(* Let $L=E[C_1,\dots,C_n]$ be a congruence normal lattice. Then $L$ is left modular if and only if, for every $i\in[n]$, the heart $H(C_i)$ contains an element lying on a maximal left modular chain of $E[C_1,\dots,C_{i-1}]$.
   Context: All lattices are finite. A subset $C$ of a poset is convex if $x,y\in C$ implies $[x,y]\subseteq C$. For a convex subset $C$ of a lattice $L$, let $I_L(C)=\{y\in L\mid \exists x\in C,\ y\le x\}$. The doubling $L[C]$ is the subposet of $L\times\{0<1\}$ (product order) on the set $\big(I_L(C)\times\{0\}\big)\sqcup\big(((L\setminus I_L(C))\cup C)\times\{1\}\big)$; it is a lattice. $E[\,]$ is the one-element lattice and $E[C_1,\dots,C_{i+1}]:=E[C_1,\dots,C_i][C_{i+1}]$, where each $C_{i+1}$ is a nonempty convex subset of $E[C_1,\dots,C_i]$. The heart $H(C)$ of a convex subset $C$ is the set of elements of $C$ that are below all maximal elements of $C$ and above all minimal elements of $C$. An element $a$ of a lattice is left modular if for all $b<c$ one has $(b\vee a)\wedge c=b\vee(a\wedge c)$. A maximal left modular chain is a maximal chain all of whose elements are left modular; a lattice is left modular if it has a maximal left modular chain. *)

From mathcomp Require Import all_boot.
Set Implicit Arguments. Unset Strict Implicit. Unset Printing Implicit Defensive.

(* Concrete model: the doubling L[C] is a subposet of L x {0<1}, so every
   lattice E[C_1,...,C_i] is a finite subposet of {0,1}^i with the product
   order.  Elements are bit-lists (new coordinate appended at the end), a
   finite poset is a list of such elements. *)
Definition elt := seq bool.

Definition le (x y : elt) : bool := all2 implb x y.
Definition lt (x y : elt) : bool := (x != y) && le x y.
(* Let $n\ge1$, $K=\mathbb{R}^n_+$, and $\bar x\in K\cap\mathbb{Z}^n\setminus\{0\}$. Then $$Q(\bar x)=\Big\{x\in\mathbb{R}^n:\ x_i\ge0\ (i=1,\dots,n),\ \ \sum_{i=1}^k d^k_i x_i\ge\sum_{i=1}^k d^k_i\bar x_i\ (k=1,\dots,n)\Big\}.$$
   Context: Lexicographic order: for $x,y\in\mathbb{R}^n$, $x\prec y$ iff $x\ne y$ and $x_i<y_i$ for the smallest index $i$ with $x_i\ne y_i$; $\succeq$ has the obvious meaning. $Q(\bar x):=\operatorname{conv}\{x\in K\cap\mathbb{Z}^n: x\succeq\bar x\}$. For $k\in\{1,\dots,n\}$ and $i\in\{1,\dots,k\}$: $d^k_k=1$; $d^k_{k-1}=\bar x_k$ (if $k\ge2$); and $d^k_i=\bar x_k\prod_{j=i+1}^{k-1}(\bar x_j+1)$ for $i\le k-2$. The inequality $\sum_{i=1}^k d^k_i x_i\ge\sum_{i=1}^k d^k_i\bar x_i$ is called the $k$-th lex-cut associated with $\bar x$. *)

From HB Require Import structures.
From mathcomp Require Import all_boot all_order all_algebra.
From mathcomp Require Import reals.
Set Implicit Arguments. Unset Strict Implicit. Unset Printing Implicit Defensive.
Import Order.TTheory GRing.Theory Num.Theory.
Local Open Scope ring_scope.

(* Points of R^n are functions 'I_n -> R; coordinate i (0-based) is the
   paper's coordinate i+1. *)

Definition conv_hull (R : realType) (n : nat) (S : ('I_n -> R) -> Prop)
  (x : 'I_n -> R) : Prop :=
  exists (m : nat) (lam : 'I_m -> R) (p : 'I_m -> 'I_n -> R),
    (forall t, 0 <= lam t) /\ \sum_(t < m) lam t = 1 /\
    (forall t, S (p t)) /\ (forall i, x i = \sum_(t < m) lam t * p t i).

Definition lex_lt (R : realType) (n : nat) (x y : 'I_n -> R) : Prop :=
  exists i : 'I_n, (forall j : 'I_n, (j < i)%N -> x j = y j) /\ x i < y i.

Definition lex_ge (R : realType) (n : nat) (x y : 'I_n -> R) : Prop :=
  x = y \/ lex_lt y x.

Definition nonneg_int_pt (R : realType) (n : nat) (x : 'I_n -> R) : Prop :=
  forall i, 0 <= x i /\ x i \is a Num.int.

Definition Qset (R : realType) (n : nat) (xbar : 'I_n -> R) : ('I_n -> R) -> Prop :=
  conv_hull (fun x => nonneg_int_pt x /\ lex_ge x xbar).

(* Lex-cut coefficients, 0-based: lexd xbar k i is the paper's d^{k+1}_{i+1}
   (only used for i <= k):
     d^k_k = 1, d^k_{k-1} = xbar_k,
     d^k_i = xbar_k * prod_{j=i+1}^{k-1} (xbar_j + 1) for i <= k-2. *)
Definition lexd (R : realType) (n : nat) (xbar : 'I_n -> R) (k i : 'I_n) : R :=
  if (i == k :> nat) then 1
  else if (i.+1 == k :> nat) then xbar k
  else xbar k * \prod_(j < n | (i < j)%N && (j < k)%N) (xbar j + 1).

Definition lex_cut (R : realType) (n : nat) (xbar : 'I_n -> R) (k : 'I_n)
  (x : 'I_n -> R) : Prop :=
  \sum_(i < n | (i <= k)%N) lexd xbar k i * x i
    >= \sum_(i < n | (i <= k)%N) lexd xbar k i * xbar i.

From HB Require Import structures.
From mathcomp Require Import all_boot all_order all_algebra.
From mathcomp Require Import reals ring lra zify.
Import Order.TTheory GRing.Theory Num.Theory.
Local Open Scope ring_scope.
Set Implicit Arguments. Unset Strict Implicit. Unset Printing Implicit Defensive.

§ What the exercise asks
The lines above from the one containing "(* Concrete model: the" through the one containing "and $\bar x\in" are to be set down exactly, and no others.

§ Exercise result
(* Concrete model: the doubling L[C] is a subposet of L x {0<1}, so every
   lattice E[C_1,...,C_i] is a finite subposet of {0,1}^i with the product
   order.  Elements are bit-lists (new coordinate appended at the end), a
   finite poset is a list of such elements. *)
Definition elt := seq bool.

Definition le (x y : elt) : bool := all2 implb x y.
Definition lt (x y : elt) : bool := (x != y) && le x y.
(* Let $n\ge1$, $K=\mathbb{R}^n_+$, and $\bar x\in K\cap\mathbb{Z}^n\setminus\{0\}$. Then $$Q(\bar x)=\Big\{x\in\mathbb{R}^n:\ x_i\ge0\ (i=1,\dots,n),\ \ \sum_{i=1}^k d^k_i x_i\ge\sum_{i=1}^k d^k_i\bar x_i\ (k=1,\dots,n)\Big\}.$$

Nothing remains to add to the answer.